§ **Required action**
Output nothing but the lines from the first line of the entries to the line with "else view st B)", inclusive, exactly as they read.

Source records:
---------------
(* step (1): merge an incoming message *)
Definition recv_merge (st : mstate) (mu : message) : mstate :=
  MState (fun B => maxn (vc st B) (mvc mu B))
         (fun B => if vc st B < mvc mu B then mview mu B else view st B)
         (fun B => if vc st B < mvc mu B then mvar mu B else vars st B)
         (sigma st) (old st).

(* step (2) *)
Definition set_old (A : L) (st : mstate) : mstate :=
  MState (vc st) (view st) (vars st) (sigma st)
         (fun psi => odflt false (view st A psi)).

(* step (3) *)
Definition local_update (A : L) (e : E) (st : mstate) : mstate :=
  let s' := effect e (sigma st) in
  MState (fun B => if B == A then (vc st B).+1 else vc st B)
         (view st)
         (fun B x => if (B == A) && (x \in Vars Phi) then Some (s' x) else vars st B x)
         s' (old st).

(* step (4) *)
Definition eval_update (A : L) (st : mstate) : mstate :=
  MState (vc st)
         (fun B psi => if (B == A) && (psi \in subs Phi)
                       then Some (meval A st psi) else view st B psi)
         (vars st) (sigma st) (old st).

Record config := Config {
  states : L -> mstate;
  sent   : E -> option message
}.

Definition init_config : config := Config init_state (fun _ => None).

Definition process (c : config) (e : E) : config :=
  let A := pid e in
  let st0 := states c A in
  let st1 :=
    if kind e is KRecv then
      match [pick s | msgr s e] with
      | Some s => if sent c s is Some mu then recv_merge st0 mu else st0
      | None => st0
      end
    else st0 in
  let st4 := eval_update A (local_update A e (set_old A st1)) in
  Config (fun B => if B == A then st4 else states c B)
         (fun s => if (s == e) && (if kind e is KSend _ then true else false)
                   then Some (Msg (vc st4) (view st4) (vars st4))
                   else sent c s).

Definition run (s : seq E) : config := foldl process init_config s.

End Monitor.

Definition val_induced (L : finType) (Var Val : Type) (M : msc L Var Val)
  (sigma0 : L -> Var -> Val) (effect : ev M -> (Var -> Val) -> (Var -> Val)) : Prop :=
  forall e : ev M,
    nu e = effect e (if last_loc e is Some f then nu f else sigma0 (pid e)).

(* A monitor state is read as knowledge of a causally closed set D of events:
   the clock entry of a lifeline B counts the B-events of D, and the B-tables
   describe the last of them.  On a lifeline, causally closed sets are
   prefixes of the local order, so any two of them are nested; hence on each
   lifeline the union of the receiver's knowledge and of the message's has the
   larger of the two counts, and the fresher entry kept by step (1) describes
   its last event.  After step (1) the monitor of e knows exactly the strict
   causal past of e; steps (2) and (3) add e itself, and step (4) is correct by
   the local evaluation lemma, an induction on formulas that uses the unfolding
   a S b = b \/ (a /\ Y (a S b)).  By induction along the linear extension,
   every monitor knows the causal past of the events it has processed and
   every message carries the causal past of its send event. *)

From mathcomp Require Import all_boot.
Set Implicit Arguments. Unset Strict Implicit. Unset Printing Implicit Defensive.

Section CausalOrder.
Variables (L : finType) (Var Val : Type) (M : msc L Var Val).
Hypothesis wf : msc_wf M.
Local Notation E := (ev M).

Lemma succ_pid (e f : E) : succ e f -> pid e = pid f.
Proof. by case: wf => [[succ_pid _ _ _ _] _]; apply: succ_pid. Qed.

Lemma msgr_spec (s r : E) :
  msgr s r -> [/\ kind s = KSend (pid r), kind r = KRecv & pid s <> pid r].
Proof. by case: wf => [[_ _ msgr_spec _ _] _]; apply: msgr_spec. Qed.

Lemma recv_sender (r : E) : kind r = KRecv -> exists! s, msgr s r.
Proof. by case: wf => [[_ _ _ recv_uniq _] _]; apply: recv_uniq. Qed.

Lemma le_loc_refl (e : E) : le_loc e e.
Proof. exact: connect0. Qed.

Lemma le_loc_trans (e f g : E) : le_loc e f -> le_loc f g -> le_loc e g.
Proof. exact: connect_trans. Qed.

Lemma le_M_refl (e : E) : le_M e e.
Proof. exact: connect0. Qed.

Lemma le_M_trans (e f g : E) : le_M e f -> le_M f g -> le_M e g.
Proof. exact: connect_trans. Qed.

Lemma le_loc_pid (e f : E) : le_loc e f -> pid e = pid f.
Proof.
case/connectP=> p; elim: p e => [|g p IHp] e /=; first by move=> _ ->.
by case/andP=> /succ_pid -> /IHp.
Qed.

Lemma le_loc_le_M (e f : E) : le_loc e f -> le_M e f.
Proof. by apply: connect_sub => g h sgh; apply: connect1; rewrite /edge sgh. Qed.

Lemma le_M_anti (e f : E) : le_M e f -> le_M f e -> e = f.
Proof.
case/connectP=> [[|g p]] /=; first by move=> _ ->.
case/andP=> eg gp lastp lfe.
have lgf : le_M g f by apply/connectP; exists p.
by have := wf.2 _ _ eg; rewrite (connect_trans lgf lfe).
Qed.

Lemma edge_neq (e f : E) : edge e f -> e != f.
Proof. by move=> ef; apply: contraTneq (wf.2 _ _ ef) => <-; rewrite connect0. Qed.

Lemma le_loc_anti (e f : E) : le_loc e f -> le_loc f e -> e = f.
Proof. by move=> /le_loc_le_M lef /le_loc_le_M; apply: le_M_anti. Qed.

Section LinearOrderOnLifeline.
Variables (A : L) (le : rel E).
Hypotheses (le_refl : forall e, pid e = A -> le e e)
  (le_anti : forall e f, pid e = A -> pid f = A -> le e f -> le f e -> e = f)
  (le_trans : forall e f g, pid e = A -> pid f = A -> pid g = A ->
                le e f -> le f g -> le e g)
  (succE : forall e f, pid e = A -> pid f = A ->
     succ e f = [&& le e f, e != f &
       ~~ [exists g, [&& pid g == A, le e g, e != g, le g f & g != f]]]).
Lemma kernel_unique (K K' A B : Ob C) (k : Hom C K A) (k' : Hom C K' A)
  (f : Hom C A B) :
  is_kernel k f -> is_kernel k' f -> exists u : Hom C K' K, k ∘ u = k' /\ is_iso u.
Proof.
  intros Hk Hk'.
  destruct (proj2 Hk K' k' (proj1 Hk')) as [u [Eu _]].
  destruct (proj2 Hk' K k (proj1 Hk)) as [v [Ev _]].
  exists u. split; [exact Eu|]. exists v. split.
  - apply (kernel_mono Hk'). rewrite comp_assoc, Ev, Eu, comp_id_r. reflexivity.
  - apply (kernel_mono Hk). rewrite comp_assoc, Eu, Ev, comp_id_r. reflexivity.
Qed.

Lemma pullback_unique (P P' X Y Z : Ob C) (p : Hom C P X) (q : Hom C P Y)
  (p' : Hom C P' X) (q' : Hom C P' Y) (h : Hom C X Z) (g : Hom C Y Z) :
  is_pullback p q h g -> is_pullback p' q' h g ->
  exists phi : Hom C P' P, p ∘ phi = p' /\ is_iso phi.
Proof.
  intros [E H] [E' H'].
  destruct (H P' p' q' E') as [phi [[Fp Fq] _]].
  destruct (H' P p q E) as [psi [[Gp Gq] _]].
  exists phi. split; [exact Fp|]. exists psi. split.
  - destruct (H' P' p' q' E') as [w [_ Hw]].
    transitivity w; [symmetry|]; apply Hw.
    + rewrite comp_assoc, Gp, Fp, comp_assoc, Gq, Fq. split; reflexivity.
    + rewrite !comp_id_r. split; reflexivity.
  - destruct (H P p q E) as [w [_ Hw]].
    transitivity w; [symmetry|]; apply Hw.
    + rewrite comp_assoc, Fp, Gp, comp_assoc, Fq, Gq. split; reflexivity.
    + rewrite !comp_id_r. split; reflexivity.
Qed.

Lemma is_kernel_postcomp_mono (K A B D : Ob C) (k : Hom C K A) (d : Hom C A B)
  (i : Hom C B D) :
  is_kernel k d -> mono i -> is_kernel k (i ∘ d).
Proof.
  intros [Edk Kd] Mi. split.
  - rewrite <- comp_assoc, Edk. apply comp_0_r.
  - intros X x Hx. apply Kd, Mi. rewrite comp_assoc, Hx, comp_0_r. reflexivity.
Qed.

Lemma is_cokernel_precomp_epi (A B D Q : Ob C) (d : Hom C A B) (i : Hom C B D)
  (c : Hom C D Q) :
  is_cokernel i c -> epi d -> is_cokernel (i ∘ d) c.
Proof.
  intros [Eci Kc] Ed. split.
  - rewrite comp_assoc, Eci. apply comp_0_l.
  - intros X x Hx. apply Kc, Ed. rewrite <- comp_assoc, Hx, comp_0_l. reflexivity.
Qed.

Lemma is_kernel_comp (U V W K Q L : Ob C) (a : Hom C U V) (g : Hom C V Q)
  (f : Hom C K V) (b : Hom C V W) (k : Hom C L K) (kU : Hom C L U) :
  is_kernel a g -> is_kernel f b -> is_kernel k (g ∘ f) -> a ∘ kU = f ∘ k ->
  is_kernel kU (b ∘ a).
Proof.
  intros Hag Hfb Hk EkU. split.
  - rewrite <- comp_assoc, EkU, comp_assoc, (proj1 Hfb). apply comp_0_l.
  - intros X x Hx.
    destruct (proj2 Hfb X (a ∘ x)) as [y [Ey _]].
    { rewrite comp_assoc. exact Hx. }
    destruct (proj2 Hk X y) as [z [Ez _]].
    { rewrite <- comp_assoc, Ey, comp_assoc, (proj1 Hag). apply comp_0_l. }
    exists z. split.
    + apply (kernel_mono Hag). rewrite comp_assoc, EkU, <- comp_assoc, Ez. exact Ey.
    + intros z' Ez'. apply (kernel_mono Hk), (kernel_mono Hfb).
      rewrite Ez, Ey, comp_assoc, <- EkU, <- comp_assoc, Ez'. reflexivity.
Qed.

Lemma is_cokernel_comp (U V W K Q R : Ob C) (a : Hom C U V) (g : Hom C V Q)
  (f : Hom C K V) (b : Hom C V W) (c : Hom C Q R) (h : Hom C W R) :
  is_cokernel a g -> is_cokernel f b -> is_cokernel (g ∘ f) c -> h ∘ b = c ∘ g ->
  is_cokernel (b ∘ a) h.
Proof.
  intros Hag Hfb Hc Ehb. split.
  - rewrite comp_assoc, Ehb, <- comp_assoc, (proj1 Hag). apply comp_0_r.
  - intros X x Hx.
    destruct (proj2 Hag X (x ∘ b)) as [z [Ez _]].
    { rewrite <- comp_assoc. exact Hx. }
    destruct (proj2 Hc X z) as [w [Ew _]].
    { rewrite comp_assoc, Ez, <- comp_assoc, (proj1 Hfb). apply comp_0_r. }
    exists w. split.
    + apply (cokernel_epi Hfb). rewrite <- comp_assoc, Ehb, comp_assoc, Ew. exact Ez.
    + intros w' Ew'. apply (cokernel_epi Hc), (cokernel_epi Hag).
      rewrite Ew, Ez, <- comp_assoc, <- Ehb, comp_assoc, Ew'. reflexivity.
Qed.

Lemma kernel_pullback (U V P Q J : Ob C) (a : Hom C U V) (b' : Hom C V P)
  (t : Hom C P Q) (j : Hom C J P) (e : Hom C U J) :
  is_kernel a (t ∘ b') -> is_kernel j t -> j ∘ e = b' ∘ a ->
  is_pullback e a j b'.
Proof.
  intros Ha Hj Eje. split; [exact Eje|].
  intros T u v Euv.
  destruct (proj2 Ha T v) as [w [Ew _]].
  { rewrite <- comp_assoc, <- Euv, comp_assoc, (proj1 Hj). apply comp_0_l. }
  exists w. split; [split; [|exact Ew]|].
  - apply (kernel_mono Hj). rewrite comp_assoc, Eje, <- comp_assoc, Ew.
    symmetry. exact Euv.
  - intros w' [_ Ew']. apply (kernel_mono Ha). rewrite Ew, Ew'. reflexivity.
Qed.
End Additive.

Section Conflations.
Variable C : ConfCat.

Lemma conf_kernel (A B D : Ob C) (f : Hom C A B) (g : Hom C B D) :
  Conf f g -> is_kernel f g.
Proof. intro Cfg. exact (proj1 (conf_kc Cfg)). Qed.

Lemma conf_cokernel (A B D : Ob C) (f : Hom C A B) (g : Hom C B D) :
  Conf f g -> is_cokernel f g.
Proof. intro Cfg. exact (proj2 (conf_kc Cfg)). Qed.

Lemma conf_comp_eq0 (A B D : Ob C) (f : Hom C A B) (g : Hom C B D) :
  Conf f g -> g ∘ f = hzero A D.
Proof. intro Cfg. exact (proj1 (conf_kernel Cfg)). Qed.

Lemma conf_mono (A B D : Ob C) (f : Hom C A B) (g : Hom C B D) :
  Conf f g -> mono f.
Proof. intro Cfg. exact (kernel_mono (conf_kernel Cfg)). Qed.

Lemma conf_epi (A B D : Ob C) (f : Hom C A B) (g : Hom C B D) :
  Conf f g -> epi g.
Proof. intro Cfg. exact (cokernel_epi (conf_cokernel Cfg)). Qed.

Lemma conf_inflation (A B D : Ob C) (f : Hom C A B) (g : Hom C B D) :
  Conf f g -> inflation f.
Proof. intro Cfg. exists D, g. exact Cfg. Qed.

Lemma conf_deflation (A B D : Ob C) (f : Hom C A B) (g : Hom C B D) :
  Conf f g -> deflation g.
Proof. intro Cfg. exists A, f. exact Cfg. Qed.

Lemma deflation_epi (B D : Ob C) (g : Hom C B D) : deflation g -> epi g.
Proof. intros [A [f Cfg]]. exact (conf_epi Cfg). Qed.

Lemma conf_precomp_iso (A A' B D : Ob C) (f : Hom C A B) (g : Hom C B D)
  (u : Hom C A' A) :
  Conf f g -> is_iso u -> Conf (f ∘ u) g.
Proof.
  intros Cfg [v [Evu Euv]].
  apply (conf_iso (u := v) (v := idm B) (w := idm D) Cfg).
  - exists u. split; assumption.
  - apply is_iso_idm.
  - apply is_iso_idm.
  - rewrite comp_id_l, <- comp_assoc, Euv, comp_id_r. reflexivity.
  - rewrite comp_id_l, comp_id_r. reflexivity.
Qed.

Lemma conf_postcomp_iso (A B D D' : Ob C) (f : Hom C A B) (g : Hom C B D)
  (w : Hom C D D') :
  Conf f g -> is_iso w -> Conf f (w ∘ g).
Proof.
  intros Cfg Iw.
  apply (conf_iso (u := idm A) (v := idm B) (w := w) Cfg);
    [apply is_iso_idm | apply is_iso_idm | exact Iw | |].
  - rewrite comp_id_l, comp_id_r. reflexivity.
  - rewrite comp_id_r. reflexivity.
Qed.

Lemma deflation_precomp_iso (P P' X : Ob C) (p : Hom C P X) (phi : Hom C P' P) :
  deflation p -> is_iso phi -> deflation (p ∘ phi).
Proof.
  intros [A [x Cxp]] [psi [Epsi Ephi]].
  exists A, (psi ∘ x).
  apply (conf_iso (u := idm A) (v := psi) (w := idm X) Cxp).
  - apply is_iso_idm.
  - exists phi. split; assumption.
  - apply is_iso_idm.
  - rewrite comp_id_r. reflexivity.
  - rewrite comp_id_l, <- comp_assoc, Ephi, comp_id_r. reflexivity.
Qed.

Lemma conf_of_kernel (K J A B : Ob C) (j : Hom C J A) (k : Hom C K A) (h : Hom C A B) :
  Conf j h -> is_kernel k h -> Conf k h.
Proof.
  intros Cjh Hk.
  destruct (kernel_unique (conf_kernel Cjh) Hk) as [u [Eu Iu]].
  rewrite <- Eu. exact (conf_precomp_iso Cjh Iu).
Qed.

Lemma inflation_epi_iso (A B D : Ob C) (i : Hom C A B) (c : Hom C B D) :
  Conf i c -> epi i -> is_iso i.
Proof.
  intros Cic Ei.
  assert (Ec0 : c = hzero B D).
  { apply Ei. rewrite comp_0_l. exact (conf_comp_eq0 Cic). }
  destruct (proj2 (conf_kernel Cic) B (idm B)) as [y [Ey _]].
  { rewrite Ec0. apply comp_0_l. }
  exists y. split; [|exact Ey].
  apply (conf_mono Cic). rewrite comp_assoc, Ey, comp_id_l, comp_id_r. reflexivity.
Qed.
---------------
§ **Task solution**
(* step (1): merge an incoming message *)
Definition recv_merge (st : mstate) (mu : message) : mstate :=
  MState (fun B => maxn (vc st B) (mvc mu B))
         (fun B => if vc st B < mvc mu B then mview mu B else view st B)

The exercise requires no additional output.